Skip to content

Unit-level Model

General idea

This SAE method was introduced by Battese et al. 1 and is the closest to a conventional model-based approach, since a sampling model is used at the cluster-level, specifically an overdispersed binomial model. As with the area-level model, the area-specific prevalences across areas are linked via a hierarchical model. Again, the rationale is that the similarity of prevalences across the study region may be leveraged to fine-tune the estimates in each area. Since data from all areas is used for estimation in each area, this is another example of the production of “indirect” estimates.

Advantages

  • Sparse Data Handling: If the data are sparse, this is the only method that can be used, since the cluster-level overdispersed binomial model can deal with situations in which the responses are either all 0s or all 1s (this sparse data case leads to problems for methods based on weighted estimates since the estimates themselves are 0 or 1 and the methods collapse).
  • Efficiency: If the sampling model is a reasonable approximation to the true underlying data generating mechanism, the approach is an efficient use of the data.
  • Uncertainty Reduction: By modeling all the data in unison, uncertainty in each area is reduced (on average).
  • Reasonable Assumption: The model that links the areas together is an additional assumption, when compared to the direct estimates, but this is typically not a strong assumption.
  • Mean-squared Error Reduction: The linking model will shrink high and low weighted prevalences toward the national estimate, which is desirable when the data are sparse, but this does lead to (frequentist) bias. But the rationale for the approach is that the gain in precision will offset the shrinkage bias. Specifically, there is theory that suggests that on average the mean-squared error (\(\text{bias}^2\)+variance) will be reduced for estimates from hierarchical models, when compared to direct estimates.

Disadvantages

  • Sampling Model: The assumption of a sampling model for the cluster-level responses means this approach is fundamentally different from the direct and area-based methods which use weighted estimates.
  • Extra Design Adjustment Needed: Since the weights are not used, one must adjust for the design within the model specification by modeling the association between prevalence and urban/rural and including a cluster effect in the sampling model.
  • Over-Shrinkage: When the data are sparse, the estimates may be shrunk too much since the data are not sufficiently informative to discriminate from the “flat” map case.

Mathematical details

Unit-level models assume smoothing models for counts of events in each cluster (Wakefield, Okonek, and Pedersen, 20202; Li et al. 20203). In terms of traditional Small Area Estimation literature, cluster-level models are a type of unit-level model. Currently, the app implements an unstratified model without taking into account the urban/rural stratification in the sampling design.

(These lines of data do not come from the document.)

Lemma image_tern_on : [set tern_on b | b in [set: {ffun 'I_#|S| -> bool}]] = [set e | supp e == S].
Proof.
apply/setP => e; rewrite inE; apply/imsetP/eqP => [[b _ ->]|supp_e]; first exact: supp_tern_on.
exists [ffun i => e (enum_val i) == eps_pos]; rewrite ?inE //.
apply/ffunP => j; rewrite !ffunE.
case: index_inP => [i ->|j_out]; rewrite ?ffunE.
  have : enum_val i \in supp e by rewrite supp_e enum_valP.
  by rewrite inE; case: (I3P (e (enum_val i))) => ->.
by move: j_out; rewrite -supp_e inE negbK => /eqP.
Qed.

Variable m : nat.
Local Open Scope ring_scope.

Definition extend (v : 'I_#|S| -> 'Z_(2 * m)) (j : 'I_n) : 'Z_(2 * m) :=
  if index_in j is Some i then v i else 0.

Lemma extend_shift (z : pt m #|S|) v j : extend (shift z v) j = addv (extend z) (extend v) j.
Proof. by rewrite /addv /extend; case: index_inP => [i _|_]; rewrite ?ffunE ?addr0. Qed.

Lemma extend_medge i j : extend (medge m i) j = medge m (enum_val i) j.
Proof.
rewrite /extend /medge; case: index_inP => [i' ->|j_out]; first by rewrite (inj_eq enum_val_inj).
by case: eqP => // eq_j; move: j_out; rewrite eq_j enum_valP.
Qed.

Lemma tern_tern_on b j : tern m (tern_on b) j = extend (sgnv m b) j.
Proof.
rewrite /tern /extend /sgnv ffunE.
by case: index_inP => [i _|_]; [case: (b i) | ]; rewrite /= ?subrr //; ring.
Qed.

End Support.

End Support.
Import Support.

Lemma Rsum_by_support n (G : {ffun 'I_n -> 'I_3} -> R) :
  Rsum G = Rsum (fun S : {set 'I_n} => Rsum (fun b : {ffun 'I_#|S| -> bool} => G (tern_on b))).
Proof.
rewrite /Rsum (partition_big (@supp n) xpredT) //=; apply: eq_bigr => S _.
rewrite (eq_bigl (fun e => e \in [set e | supp e == S])); last by move=> e; rewrite inE.
rewrite -image_tern_on big_imset /=; last by move=> b b' _ _; apply: tern_on_inj.
by apply: eq_bigl => b; rewrite inE.
Qed.

Lemma card_supp_ge n (j : 'I_n) :
  3 ^ n <= 2 * INR #|[set e : {ffun 'I_n -> 'I_3} | j \in supp e]|.
Proof.
set B := [set e : {ffun 'I_n -> 'I_3} | j \in supp e].
(* Resetting coordinate [j] to [-1] injects [{e | eps_j = 0}] into [{e | eps_j <> 0}]. *)
pose reset (e : {ffun 'I_n -> 'I_3}) := [ffun t => if t == j then eps_neg else e t].
have reset_inj : {in ~: B &, injective reset}.
  move=> e e'; rewrite !inE !negbK => /eqP ej /eqP e'j /ffunP eq_ee'; apply/ffunP => t.
  by move: (eq_ee' t); rewrite !ffunE; case: eqP => [->|_ //]; rewrite ej e'j.
have le_card : (#|~: B| <= #|B|)%nat.
  rewrite -(card_in_imset reset_inj); apply/subset_leq_card/subsetP => _ /imsetP [e _ ->].
  by rewrite !inE ffunE eqxx.
have := le_INR _ _ (elimT leP le_card).
by rewrite -INR_card_ffun_I3 -(cardsC B) plus_INR; lra.
Qed.

Lemma Rsum_big_supp n (F : 'I_n -> R) :
  Rsum (fun e : {ffun 'I_n -> 'I_3} => \big[Rplus/0]_(j in supp e) F j) =
  Rsum (fun j => INR #|[set e : {ffun 'I_n -> 'I_3} | j \in supp e]| * F j).
Proof.
rewrite /Rsum; under eq_bigr do rewrite big_mkcond.
rewrite exchange_big; apply: eq_bigr => j _.
by rewrite -big_mkcond -big_const_INR; apply: eq_bigl => e; rewrite inE.
Qed.

Section SupportEnergy.
Variables (X : metric_space) (q : R) (m n : nat).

Let \(Y_c\) be the number of events in cluster \(c\), and \(n_c\) be the number of individuals at risk, where \(c= 1,\dots,C\). The unstratified model assumes the hierarchical structure:

\[Y_c \mid p_c,d\sim \textrm{BetaBinomial}(n_c,p_c,d),\]
\[p_c=\textrm{expit}(\alpha+e_{i[s_c]}+S_{i[s_c]}),\]

where \(\alpha\) is the intercept, and \(i[s_c]\) indexes the area within which the cluster \(s_c\) resides. Similar to the area-level model, \(e_i\) and \(S_i\) are unstructured and structured spatial random effects with the same prior as before. The Beta-binomial distribution arise from a hierarchical model where the probability follows a \(\text{Beta}(a, b)\) prior. The overdispersion parameter, \(d=\frac{1}{\alpha+\beta+1}\), is between 0 and 1 and represent the the intracluster correlation between Bernoulli draws within cluster.

The default prior for \(d\) is \(\text{logit}(d) \sim \text{Normal}(0,0.4)\).

The app implements the unit-level model via surveyPrev::clusterModel() function, with BYM2 model for the spatial random effects. The app currently only supports unstratified models. Please refer to surveyPrev package for stratified unit-level model.


  1. George E Battese, Rachel M Harter, and Wayne A Fuller. An error-components model for prediction of county crop areas using survey and satellite data. Journal of the American Statistical Association, 83:28–36, 1988.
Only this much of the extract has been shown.